I have seen scale not weigh because the customer thought the feet were not needed or severely underweight because a foot was screwed in too far. 
Tin


----------



## fcheslop (Dec 24, 2011)

OH come on guys don't tell them to read the manuals I make a good living because they don't :big: Having said that i still need to read my cars manual to find out how to switch the auto wipers off fine in the summer but a bit of a bugger in the winter when they're frozen to the screen :-[ :big: :big:
Best wishes Frazer


----------



## cfellows (Dec 24, 2011)

Unfortunately, most of us are a bit jaded when it comes to manuals. We are so accustomed to the (mostly) chinese manuals which have 10 pages of safety instructions followed by a half a page of troubleshooting, most of which never applies. Having said that...

Chuck


----------



## Foozer (Dec 24, 2011)

So on the cover of the latest Hot Rod mag is a little square with lots of squiggle in it. I ask the kid "What the heck is that for?" He pulls out his phone, points it at the squiggle and Poof! On the phones screen pops up video from Hot Rod that tells what is in the mag.

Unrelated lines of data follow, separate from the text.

Lemma dist_bf_adherent_forth m a0 a b :
  dist_bf_adherent (S m) (a0 :: a) b ->
  forall x, exists z, dist_bf_adherent m ((a0 :: a) ++ x :: nil) (b ++ z :: nil).
Proof.
  intros H x. destruct b as [|b0 b]; [apply (dist_bf_adherent_length x0) in H; discriminate|].
  assert (Hex : forall k, exists y a' b', close (/ INR (S k)) (a0 :: a) a' /\
            close (/ INR (S k)) (b0 :: b) b' /\ dist_bf m (a' ++ x :: nil) (b' ++ y :: nil)).
  { intro k. destruct (H _ (proj1 (inv_INR_S_bounds k))) as [a' [b' [Ha [Hb [Hf _]]]]].
    destruct (Hf x) as [y Hy]. exists y, a', b'. auto. }
  destruct (functional_choice _ Hex) as [y Hy].
  assert (Hbound : forall k, dX b0 (y k) <= dX a0 x + 2).
  { intro k. destruct (Hy k) as [a' [b' [Ha [Hb Hk]]]].
    destruct (close_nth _ _ _ 0 a0 Ha eq_refl) as [a0' [Ha0' Da]].
    destruct (close_nth _ _ _ 0 b0 Hb eq_refl) as [b0' [Hb0' Db]].
    pose proof (dist_eq_snoc_last _ _ _ _ _ _ _ (dist_bf_dist_eq x0 m _ _ Hk) Ha0' Hb0').
    pose proof (inv_INR_S_bounds k).
    pose proof (metric_triangle b0 b0' (y k)). pose proof (metric_triangle a0' a0 x).
    rewrite (metric_sym a0' a0) in *. lra. }
  destruct (proper_cluster_point _ _ _ Hbound) as [z Hz].
  exists z. intros e He.
  destruct (archimed_cor1 (e / 2) ltac:(lra)) as [N [HN HN0]].
  destruct (Hz (e / 2) ltac:(lra) N) as [k [Hk Dk]].
  destruct (Hy k) as [a' [b' [Ha [Hb Hab]]]].
  assert (Hek : / INR (S k) <= e).
  { enough (/ INR (S k) <= / INR N) by lra.
    apply Rinv_le_contravar; [apply lt_0_INR; exact HN0 | apply le_INR; lia]. }
  exists (a' ++ x :: nil), (b' ++ y k :: nil). split; [|split; [|exact Hab]].
  - apply close_snoc; [exact (close_weaken _ _ _ _ Hek Ha)|]. rewrite metric_self. exact He.
  - apply close_snoc; [exact (close_weaken _ _ _ _ Hek Hb)|]. rewrite metric_sym. lra.
Qed.

Lemma dist_bf_closed m : forall a0 a b, dist_bf_adherent m (a0 :: a) b -> dist_bf m (a0 :: a) b.
Proof.
  induction m as [|m IH]; intros a0 a b H.
  - apply dist_eq_closed. intros e He. destruct (H e He) as [a' [b' Hab]]. eauto.
  - split.
    + intros x. destruct (dist_bf_adherent_forth m a0 a b H x) as [z Hz]. exists z. exact (IH _ _ _ Hz).
    + intros y. destruct b as [|b0 b]; [apply (dist_bf_adherent_length x0) in H; discriminate|].
      destruct (dist_bf_adherent_forth m b0 b (a0 :: a) (dist_bf_adherent_sym _ _ _ H) y) as [x Hx].
      exists x. apply dist_bf_sym. exact (IH _ _ _ Hx).
Qed.

Lemma dist_bf_extend a0 a b :
  (forall n, dist_bf n (a0 :: a) b) ->
  forall x, exists z, forall n, dist_bf n ((a0 :: a) ++ x :: nil) (b ++ z :: nil).
Proof.
  intros H x. destruct b as [|b0 b].
  { destruct (dist_bf_dist_eq x0 0 _ _ (H 0%nat)) as [Hl _]. discriminate. }
  assert (Hex : forall n, exists y, dist_bf n ((a0 :: a) ++ x :: nil) ((b0 :: b) ++ y :: nil))
    by (intro n; exact (proj1 (H (S n)) x)).
  destruct (functional_choice _ Hex) as [y Hy].
  assert (Hbound : forall k, dX b0 (y k) <= dX a0 x).
  { intro k. right. symmetry.
    exact (dist_eq_snoc_last (a0 :: a) (b0 :: b) _ _ 0 _ _
             (dist_bf_dist_eq x0 k _ _ (Hy k)) eq_refl eq_refl). }
  destruct (proper_cluster_point _ _ _ Hbound) as [z Hz].
  exists z. intro n. apply dist_bf_closed. intros e He.
  destruct (Hz e He n) as [k [Hnk Dk]].
  exists ((a0 :: a) ++ x :: nil), ((b0 :: b) ++ y k :: nil).
  split; [apply close_refl, He | split].
  - apply close_snoc; [apply close_refl, He|]. rewrite metric_sym. exact Dk.
  - exact (dist_bf_le x0 n k _ _ Hnk (Hy k)).
Qed.

Lemma dist_bf_all_bf (W : WellOrder) (v : W) :
  forall a b, (forall n, dist_bf n a b) -> bf dX W v a b.
Proof.
  induction (wo_wf W v) as [v _ IH]. intros a b H.
  pose proof (dist_bf_dist_eq x0 0 _ _ (H 0%nat)) as [Hl _].
  destruct a as [|a0 a], b as [|b0 b]; try discriminate; [apply bf_refl|].
  destruct (wo_cases W v) as [Hz|[[u Hu]|Hlim]].
  - apply bf_zero; [exact Hz|]. apply dist_eq_partial_iso. exact (H 0%nat).
  - apply (bf_succ dX W v u); [exact Hu| |].
    + intros x. destruct (dist_bf_extend a0 a (b0 :: b) H x) as [y Hy].
      exists y. apply IH; [apply Hu | exact Hy].
    + intros y.
      destruct (dist_bf_extend b0 b (a0 :: a) (fun n => dist_bf_sym n _ _ (H n)) y) as [x Hx].
      exists x. apply IH; [apply Hu|]. intro n. apply dist_bf_sym, Hx.
  - apply bf_lim; [exact Hlim|]. intros u Hu. apply IH; [exact Hu | exact H].
Qed.

End ProperSpace.
End MetricSpace.
End BackAndForth.

Theorem theorem6p3
  (d : nat -> nat -> R) (Hd : is_metric d)
  (X : Type) (dX : X -> X -> R) (iota : nat -> X)
  (Hcompl : is_completion d dX iota)
  (Hproper : proper_metric dX) :
  forall (W : WellOrder) (w w' : W),
    is_omega1CK (code_metric d) W w ->
    wo_succ_of W w' w ->
    SR_struct_le dX W w'.
Proof.
  intros W w w' Hom Hsucc a.
  destruct Hcompl as [Hm _].
  exists w. split; [exact (proj1 Hsucc)|].
  intros b _ [W' [v' Hnot]].
  assert (Hfin : exists n, ~ dist_bf dX n a b).
  { apply not_all_ex_not. intro Hall. apply Hnot.
    exact (dist_bf_all_bf dX Hm Hproper (iota 0%nat) W' v' a b Hall). }
  destruct Hfin as [n Hn].
  destruct (omega1CK_gt_nat _ W w Hom n) as [v [Hvw Hv]].
  exists v. split; [right; exact Hvw|]. intro Hbf.
  exact (Hn (bf_wo_is_nat_dist_bf dX Hm W v n Hv a b Hbf)).
Qed.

OK, time to drill me for oil, I'm done


Robert


----------



## fcheslop (Dec 24, 2011)

Hi Chuck,at least they are in Chinglish,once had a fault on a Korean solder bath the front page and index were in English the rest in Korean .As they say we live and learn :big:
Best wishes Frazer


----------



## ksouers (Dec 24, 2011)

Chuck,
Just noticed this thread. You are definitely not alone!

Regarding the window lock button...
My Isuzu Rodeo has a similar button and I've done the exact same thing!
I also found out the window lock affects the rear doors. I managed to accidentally lock people into the back seat and didn't realize how to get them out except to open the door from the outside. That went on for weeks until I "saw" the button.

I've also done other similarly silly things. I wear glasses, I've worn them forever and need them for everything except very close work. One day I couldn't find them, looked all over for about 15 minutes before I realized they were on my face! I never noticed that I didn't have any problems seeing, I just didn't realize I was already wearing them.


----------



## purpleknif (Jan 1, 2012)

Sounds sorta like trying to figure out why the dome light won't go out when you're working with the door open. Then finding out its because you turned the dimmer switch all the way.

 Who could possibly do a thing like that?  *club*


----------